Since relocating to New Orleans a few years ago, Arcade Fire frontman Win Butler and his wife Regine Chassagne have treated local fans to a number of memorable shows. Butler is often found spinning late night dance parties around town and last year the band played a secret warehouse show the night before closing out Voodoo Fest with a triumphant confetti-soaked performance. But the band’s show last Tuesday at UNO’s Lakefront Arena was their most spectacular to date, with an immersive stage setup, a surprise appearance from Preservation Hall Jazz Band, and a flawless career-spanning setlist
For this tour the band decided to place a boxing-ring style stage smack in the middle of the arena, a bold move for an arena show where sound can be tricky. As the crowd filled in the floor and lower seats of the arena, a booming voice announced the band’s entrance like they were world heavyweight champions. An extensive camera crew provided up-close shots of the band as they emerged from the tunnel and made their way through the boxing ropes onto the stage. Without even playing a single note, the band had already established their epic vision for the evening.
The show kicked off with “Everything Now,” the title track off their new album, and got the crowd singing along to the chanted outro before shifting into the slinky “Signs of Life.” The crowd erupted when the pulsing intro to “Rebellion (Lies)” kicked in and the shouted chorus was echoed throughout the arena. A smooth segue shifted into the dynamic “Here Comes the Night Time” that allowed the band to show off their true muscle. The comedown from the frenetic “Night Time” was handled by Chassagne as she took over lead vocals for the first of many times with the smooth “Haiti.”

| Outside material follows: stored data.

(* Let $\mathcal X,\mathcal Y$ be complex Hilbert spaces and $A:\mathcal X\supset\operatorname{dom}A\to\mathcal Y$ a closed, densely defined linear operator with $\|Ax\|_{\mathcal Y}\ge c\|x\|_{\mathcal X}$ for some $c>0$ and all $x\in\operatorname{dom}A$. Let $\mathcal X_h$ be $\operatorname{dom}A$ with inner product $\langle Ax,Ay\rangle_{\mathcal Y}$, $\mathcal Y_1=\operatorname{ran}A$ with the inner product of $\mathcal Y$ (so $A:\mathcal X_h\to\mathcal Y_1$ is an isometric isomorphism), and $\mathcal Z_h=\mathcal X_h\times\mathcal X$. Let $B:\mathcal Y\supset\operatorname{dom}B\to\mathcal X$ be closed, densely defined with $A^*\subset-B$, and $B_{\mathcal Y_1}$ the restriction of $B$ to $\operatorname{dom}B\cap\mathcal Y_1$ viewed as an operator $\mathcal Y_1\to\mathcal X$. Let $\mathcal A$ on $\mathcal Z_h$ be given by $\operatorname{dom}\mathcal A=\{(z_1,z_2)\in\mathcal X_h\times\mathcal X_h: Az_1\in\operatorname{dom}B\}$, $\mathcal A(z_1,z_2)=(z_2,BAz_1)$, and define $\mathcal B_1$ on $\mathcal Y_1\times\mathcal X$ (product inner product) by $\operatorname{dom}\mathcal B_1=\operatorname{dom}B_{\mathcal Y_1}\times\mathcal X_h$, $\mathcal B_1(v,w)=(Aw,\ Bv)$; equivalently $\mathcal B_1=\operatorname{diag}(A,I)\,\mathcal A\,\operatorname{diag}(A^{-1},I)$. Let $\mathcal G_1,\mathcal G_2$ be Hilbert spaces and $\Lambda=(\Lambda_1,\Lambda_2):\operatorname{dom}A\to\mathcal G_1\times\mathcal G_2^*$, $\Pi=(\Pi_1,\Pi_2):\operatorname{dom}B\to\mathcal G_1^*\times\mathcal G_2$ surjective linear maps with $-\langle By,x\rangle_{\mathcal X}-\langle y,Ax\rangle_{\mathcal Y}=\langle\Pi_1y,\Lambda_1x\rangle_{\mathcal G_1^*,\mathcal G_1}-\langle\Pi_2y,\Lambda_2x\rangle_{\mathcal G_2,\mathcal G_2^*}$ for all $y\in\operatorname{dom}B$, $x\in\operatorname{dom}A$. Let $\mathcal G=\mathcal G_1\times\mathcal G_2$, $\mathcal G^*=\mathcal G_1^*\times\mathcal G_2^*$, and on $\operatorname{dom}\mathcal A$ let $\Gamma_0(z_1,z_2)=(\Lambda_1z_2,\Pi_2Az_1)$, $\Gamma_1(z_1,z_2)=(-\Pi_1Az_1,\Lambda_2z_2)$. Define on $\operatorname{dom}\mathcal B_1$ $\Xi_0(v,w)=(\Lambda_1w,\ \Pi_2v)\in\mathcal G$, $\Xi_1(v,w)=(-\Pi_1v,\ \Lambda_2w)\in\mathcal G^*$. Then $(\mathcal G,\Xi_0,\Xi_1)$ is a boundary triplet for $\mathcal B_1$, i.e. $(\Xi_0,\Xi_1):\operatorname{dom}\mathcal B_1\to\mathcal G\times\mathcal G^*$ is surjective and $\langle\mathcal B_1f,g\rangle_{\mathcal Y_1\times\mathcal X}+\langle f,\mathcal B_1g\rangle_{\mathcal Y_1\times\mathcal X}=\langle\Xi_1f,\Xi_0g\rangle_{\mathcal G^*,\mathcal G}+\langle\Xi_0f,\Xi_1g\rangle_{\mathcal G,\mathcal G^*}$ for all $f,g\in\operatorname{dom}\mathcal B_1$. In particular $\Xi_i=\Gamma_i\operatorname{diag}(A^{-1},I)$ for $i=0,1$.
   Context: All Hilbert spaces are complex; $\mathcal H^*$ denotes the anti-dual of a Hilbert space $\mathcal H$, $\langle\cdot,\cdot\rangle_{\mathcal H^*,\mathcal H}$ the duality pairing and $\langle h,\phi\rangle_{\mathcal H,\mathcal H^*}:=\overline{\langle\phi,h\rangle_{\mathcal H^*,\mathcal H}}$. *)

From HB Require Import structures.
From mathcomp Require Import all_boot all_order all_algebra.
From mathcomp Require Import complex.
From mathcomp Require Import reals.
Set Implicit Arguments. Unset Strict Implicit. Unset Printing Implicit Defensive.
Import Order.TTheory GRing.Theory Num.Theory.
Local Open Scope ring_scope.

Section Defs.
Variable R : realType.
Local Notation C := (R[i]).

Definition inner_product (V : lmodType C) (ip : V -> V -> C) : Prop :=
  [/\ forall (a : C) (x y z : V), ip (a *: x + y) z = a * ip x z + ip y z,
      forall x y : V, ip y x = (ip x y)^*,
      forall x : V, 0 <= ip x x
    & forall x : V, ip x x = 0 -> x = 0].

Definition hnorm (V : lmodType C) (ip : V -> V -> C) (x : V) : C := sqrtC (ip x x).

Definition cvg_seq (V : lmodType C) (ip : V -> V -> C) (u : nat -> V) (x : V) :=
  forall eps : C, 0 < eps -> exists N : nat, forall n, (N <= n)%N ->
    hnorm ip (u n - x) < eps.

Definition cauchy_seq (V : lmodType C) (ip : V -> V -> C) (u : nat -> V) :=
  forall eps : C, 0 < eps -> exists N : nat, forall m n, (N <= m)%N -> (N <= n)%N ->
    hnorm ip (u m - u n) < eps.

Definition hilbert (V : lmodType C) (ip : V -> V -> C) : Prop :=
  inner_product ip /\
  forall u : nat -> V, cauchy_seq ip u -> exists x, cvg_seq ip u x.

Definition subspace (V : lmodType C) (D : V -> Prop) : Prop :=
  D 0 /\ forall (a : C) (x y : V), D x -> D y -> D (a *: x + y).

Definition linear_on (V W : lmodType C) (D : V -> Prop) (T : V -> W) : Prop :=
  subspace D /\
  forall (a : C) (x y : V), D x -> D y -> T (a *: x + y) = a *: T x + T y.

Definition linear_on_fun (V W : lmodType C) (D : V -> Prop) (T : V -> W -> C) :=
  subspace D /\
  forall (a : C) (x y : V), D x -> D y ->
    T (a *: x + y) = (fun g => a * T x g + T y g).

Definition closed_op (V W : lmodType C) (ipV : V -> V -> C) (ipW : W -> W -> C)
    (D : V -> Prop) (T : V -> W) : Prop :=
  forall (u : nat -> V) (x : V) (y : W), (forall n, D (u n)) ->
    cvg_seq ipV u x -> cvg_seq ipW (fun n => T (u n)) y -> D x /\ T x = y.

Definition dense_in (V : lmodType C) (ipV : V -> V -> C) (D : V -> Prop) : Prop :=
  forall x : V, exists u : nat -> V, (forall n, D (u n)) /\ cvg_seq ipV u x.

Definition adjoint_graph (V W : lmodType C) (ipV : V -> V -> C) (ipW : W -> W -> C)
    (D : V -> Prop) (T : V -> W) (y : W) (z : V) : Prop :=
  forall x, D x -> ipW (T x) y = ipV x z.

Definition adjoint_sub_neg (V W : lmodType C) (ipV : V -> V -> C) (ipW : W -> W -> C)
    (D : V -> Prop) (T : V -> W) (DS : W -> Prop) (S : W -> V) : Prop :=
  forall y z, adjoint_graph ipV ipW D T y z -> DS y /\ S y = - z.

(* the anti-dual G^*: bounded antilinear functionals G -> C;
   the duality pairing <phi, g>_{G^*,G} is phi g *)
Definition antidual (G : lmodType C) (ipG : G -> G -> C) (phi : G -> C) : Prop :=
  (forall (a : C) (x y : G), phi (a *: x + y) = a^* * phi x + phi y) /\
  exists M : C, forall x, `|phi x| <= M * hnorm ipG x.

End Defs.

(* The operators of the lemma (on Y x X, with Y_1 = ran A as a domain condition) *)
Section Ops.
Variables (R : realType) (X Y G1 G2 : lmodType R[i]).
Variables (domA : X -> Prop) (A : X -> Y) (domB : Y -> Prop) (B : Y -> X).
Variables (L1 : X -> G1) (L2 : X -> G2 -> R[i]) (P1 : Y -> G1 -> R[i]) (P2 : Y -> G2).

Definition domB1 (f : Y * X) : Prop :=
  (domB f.1 /\ exists x, domA x /\ A x = f.1) /\ domA f.2.
Definition B1 (f : Y * X) : Y * X := (A f.2, B f.1).
Definition Xi0 (f : Y * X) : G1 * G2 := (L1 f.2, P2 f.1).
Definition Xi1 (f : Y * X) : (G1 -> R[i]) * (G2 -> R[i]) :=
  (fun g => - P1 f.1 g, L2 f.2).
Definition Gamma0 (z : X * X) : G1 * G2 := (L1 z.2, P2 (A z.1)).
Definition Gamma1 (z : X * X) : (G1 -> R[i]) * (G2 -> R[i]) :=
  (fun g => - P1 (A z.1) g, L2 z.2).
End Ops.

From mathcomp Require Import all_boot all_order all_algebra.
From mathcomp Require Import complex reals.
From mathcomp Require Import ring lra.
From mathcomp Require Import boolp classical_sets.
Set Implicit Arguments. Unset Strict Implicit. Unset Printing Implicit Defensive.
Import Order.TTheory GRing.Theory Num.Theory.
Local Open Scope complex_scope.
Local Open Scope ring_scope.

(* The Green identity for B1 is the Green identity of (A, B, Lambda, Pi) applied
   to the pairs (v1, w2) and (v2, w1), the second one conjugated.
   For surjectivity, take y in dom B with the prescribed Pi-values.  As A is
   closed and bounded below, ran A is closed, so y = m + y0 with m in ran A and
   y0 orthogonal to ran A.  Then y0 is in the kernel of A^*, which is contained
   in -B, so B y0 = 0, and Green's identity together with the surjectivity of
   Lambda forces Pi y0 = 0.  Hence m lies in dom B and in ran A and has the same
   Pi-values as y.  The orthogonal projection onto ran A is the limit of a
   minimizing sequence for the distance to y, which is Cauchy by the
   parallelogram law. *)

Section ComplexParts.
Variable R : realType.
Implicit Types x y : R[i].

The production value for this tour was intentionally over the top, with two massive disco balls, a huge lighting rig, and customized visual projections for each song. Rather than distracting from the top-notch musicianship on display, the presentation enhanced the overall experience and kept the audience enraptured throughout the entire show. After dedicating the tender “Suburbs” to the recent hurricane victims in Houston and Puerto Rico, Butler led the band through an energetic version “Ready to Start” that sounded much bigger than the studio version. The groove of “Reflektor” kept the energy high, with ghostly images of David Bowie creeping across the screen during the background vocals he recorded with the band.
With the stage enveloped in a thick fog of smoke, the band kicked into new song “Creature Comforts” before an electrifying “Neighborhood #3 (Power Out).” The band left the smoke-filled stage for a quick break before emerging with Preservation Hall Jazz Band for a second line intro to “Everything_Now (continued).” Naturally the last song of the night was “Wake Up,” the anthemic battle cry that propelled the band to instant stardom in 2004. The stage was swallowed in sound as the crowd wailed along to the song’s classic intro and sang every word. Refusing to let a good thing end, the band kept the song going as they walked offstage and made their way through the crowd, hugging and thanking fans for making the night one to remember.
Arcade Fire have always been larger than life in their sound and style, and with this tour they have taken that idea to the extreme. The band refuses to sit still as they shift their sound and their continual evolution is a truly magnificent thing to behold. Fans of the band in New Orleans are incredibly lucky to have a front row seat for one of the greatest American rock bands of all time.